We provide full local admin rights on our Windows XP computers for staff. The only locked-down computers are the two at the Circ desk, which have local admin rights but are also locked down by running Centurion Technologies’ Drive Shield (so they can do anything they want but it all gets reset on reboot). We did this because the student assistants kept contaminating them with malware. Otherwise the staff are on strict instructions not to install anything, not toolbars, not cute video screen savers, nothing, without seeing me (the systems librarian) first. And they mostly seem to comply – I haven’t had a serious problem in years. I feel that my part of the bargain is to then give them permission to install anything that I know to be benign even if it’s not work-related, like iTunes, etc. My approach is that I’m not interested in policing what they do, just in making sure they don’t out of ignorance ruin their computer, and they appreciate that. I’ve warned them that if they mess up their computer by installing something bad without permission, it might take me a long time to get around to fixing it, and that’s a threat with teeth! Anything else is between them and their supervisor. We are also running the enterprise/corporate editions of Symantec Antivirus and Webroot Antispyware. We’re a relatively small library with 13 total library employees.

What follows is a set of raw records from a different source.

Lemma M_catalan_dist_sqr_le n : (2 < n)%N ->
  `|(M n)%:R / catalan n.-1 - 1| ^+ 2 * n%:R <= 64 :> R.
Proof.
case: n => [|[|p]] //= lt_2n; set q := p.+1./2; set C := catalan p.+1.
have q_bounds : (0 < q <= p)%N by rewrite /q; lia.
have C_gt0 : 0 < C := catalan_gt0 p.+1.
have dist_le : `|(M p.+2)%:R / C - 1| <= catalan q * catalan (p.+1 - q) / C.
  rewrite ler0_norm; last by rewrite subr_le0 ler_pdivrMr // mul1r M_le_catalan.
  rewrite opprB -[X in X - _](divff (lt0r_neq0 C_gt0)) -mulrBl ler_pM2r ?invr_gt0 //.
  by rewrite lerBlDr addrC -lerBlDr catalan_sub_le_M.
apply: le_trans (_ : (catalan q * catalan (p.+1 - q) / C) ^+ 2 * p.+2%:R <= _).
  by rewrite ler_pM2r // lerXn2r // nnegrE (le_trans _ dist_le).
have := @catalan_mul_ratio_sqr_le q (p.+1 - q); rewrite subnKC; last by lia.
by apply; lia.
Qed.

End CatalanBounds.

Theorem corollary3 (R : realType) :
  (fun n : nat => (M n)%:R / (catalan n.-1 : R)) @ \oo --> (1 : R).
Proof.
apply: (@cvg_dist_sqr_mul_le _ _ _ 64); near=> n.
by apply: M_catalan_dist_sqr_le; near: n; exact: nbhs_infty_gt.
Unshelve. all: by end_near.
Qed.
(* Let $\Psi\subset\mathrm{Cl}^+(3)$ be the following set of 20 spinors (forming an $A_4$ root system inside the $H_4$ root system $2I$), writing $e_{ij}=e_ie_j$ and $\sigma=\frac{1-\sqrt5}{2}$: $\pm1$; $\pm\tfrac12(\tau e_{12}+\sigma e_{13}+e_{23})$; $\pm\tfrac12(e_{12}-\tau e_{13}+\sigma e_{23})$; $\pm\tfrac12(\sigma e_{12}-e_{13}-\tau e_{23})$; and $\tfrac12(\epsilon_1+\epsilon_2B)$ for all signs $\epsilon_1,\epsilon_2\in\{\pm1\}$ and $B\in\{\tau e_{12}+\sigma e_{23},\ \sigma e_{13}+\tau e_{23},\ \sigma e_{12}-\tau e_{13}\}$. Let $C=2I\setminus\Psi$ (100 elements). Then both $\Psi$ and $C$ are invariant under the reflection group $A_4$ generated by the reflections $s_R(X)=-R\tilde XR$, $R\in\Psi$.
   Context: $\mathrm{Cl}(3)$ is the real Clifford algebra of Euclidean $\mathbb{R}^3$ with orthonormal basis $e_1,e_2,e_3$ ($e_i^2=1$, $e_ie_j=-e_je_i$ for $i\neq j$). The even subalgebra $\mathrm{Cl}^+(3)$ is spanned by $1,e_2e_3,e_3e_1,e_1e_2$ (spinors). Reversal $\tilde{\ }$ reverses the order of vector factors. The spinor inner product $(R_1,R_2)=\tfrac12(R_1\tilde R_2+R_2\tilde R_1)$ makes $\mathrm{Cl}^+(3)$ a 4D Euclidean space with orthonormal basis $1,e_2e_3,e_3e_1,e_1e_2$; for a unit spinor $R$, $s_R(X)=-R\tilde XR$ is the reflection in the hyperplane orthogonal to $R$. Let $\tau=\frac{1+\sqrt5}{2}$. The $H_3$ simple roots are $a_1=e_2$, $a_2=\tfrac12(-\tau e_1-e_2-(\tau-1)e_3)$, $a_3=e_1$. The binary icosahedral group $2I$ is the set of all products of an even number of factors from $\{a_1,a_2,a_3\}$ (order 120); viewed as 120 vectors in the 4D spinor space it is the $H_4$ root system (600-cell). *)

(* The real Clifford algebra Cl(3) of Euclidean R^3, modelled
   over an arbitrary real closed field R (the statement is purely algebraic). *)
From HB Require Import structures.
From mathcomp Require Import all_boot all_order all_algebra.
Set Implicit Arguments. Unset Strict Implicit. Unset Printing Implicit Defensive.
Import Order.TTheory GRing.Theory Num.Theory.
Local Open Scope ring_scope.

Notation mv R := {ffun {set 'I_3} -> R^o}.

Section Cl3.
Variable R : rcfType.

(* A multivector: coefficients on the basis blades e_A, A ⊆ {0,1,2}
   (index i stands for e_(i+1)); e_A is the increasing product of the e_i, i ∈ A. *)

(* sign of e_A e_B = sign * e_(A Δ B), with e_i^2 = 1, e_i e_j = - e_j e_i *)
Definition bsign (A B : {set 'I_3}) : R :=
  (-1) ^+ #|[set p : 'I_3 * 'I_3 | (p.1 \in A) && (p.2 \in B) && (p.2 < p.1)%N]|.

Definition gp (X Y : mv R) : mv R :=
  [ffun K : {set 'I_3} => \sum_(A : {set 'I_3}) \sum_(B : {set 'I_3} | (A :\: B) :|: (B :\: A) == K)
              bsign A B * X A * Y B].

Definition rev (X : mv R) : mv R :=
  [ffun A : {set 'I_3} => (-1) ^+ ('C(#|A|, 2)) * X A].

Definition blade (A : {set 'I_3}) : mv R := [ffun B : {set 'I_3} => (B == A)%:R].
Definition one : mv R := blade set0.
Definition e (i : 'I_3) : mv R := blade [set i].

Definition e1 : mv R := e (@Ordinal 3 0 isT).
Definition e2 : mv R := e (@Ordinal 3 1 isT).
Definition e3 : mv R := e (@Ordinal 3 2 isT).
Definition e12 : mv R := gp e1 e2.
Definition e13 : mv R := gp e1 e3.
Definition e23 : mv R := gp e2 e3.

Jack Tarver-Mercer U. gives staff admin rights. It makes it much easier to make sure stuff gets updated. I think only a couple of people don’t have rights and its much better that they don’t. Haven’t had any problems that I know of

Library staff a my library have admin rights, and I don’t know of any problems it’s caused. Student worker computers used to grant admin rights to student workers, and some still do, I think, but those computers caused problems pretty regularly for our IT guy.

At the last place I worked – SWOSU Al Harris Library all staff had super user rights on their own machine – but the ref desk machine was locked down like crazy.

We have our staff computers set up as power users and that seems to allow for most things. We still have to go install software for people in most cases but we are working on using SMS to make that easier because you can elevate the rights of the user for each install.

On the public computers/ref desk/etc. I have them locked down as local user access only because I like the power trip.. So far it’s only caused a few minor problems, such as flash updating and weird USB drive issues. I wouldn’t want to see staff run at that level because it would be a pain.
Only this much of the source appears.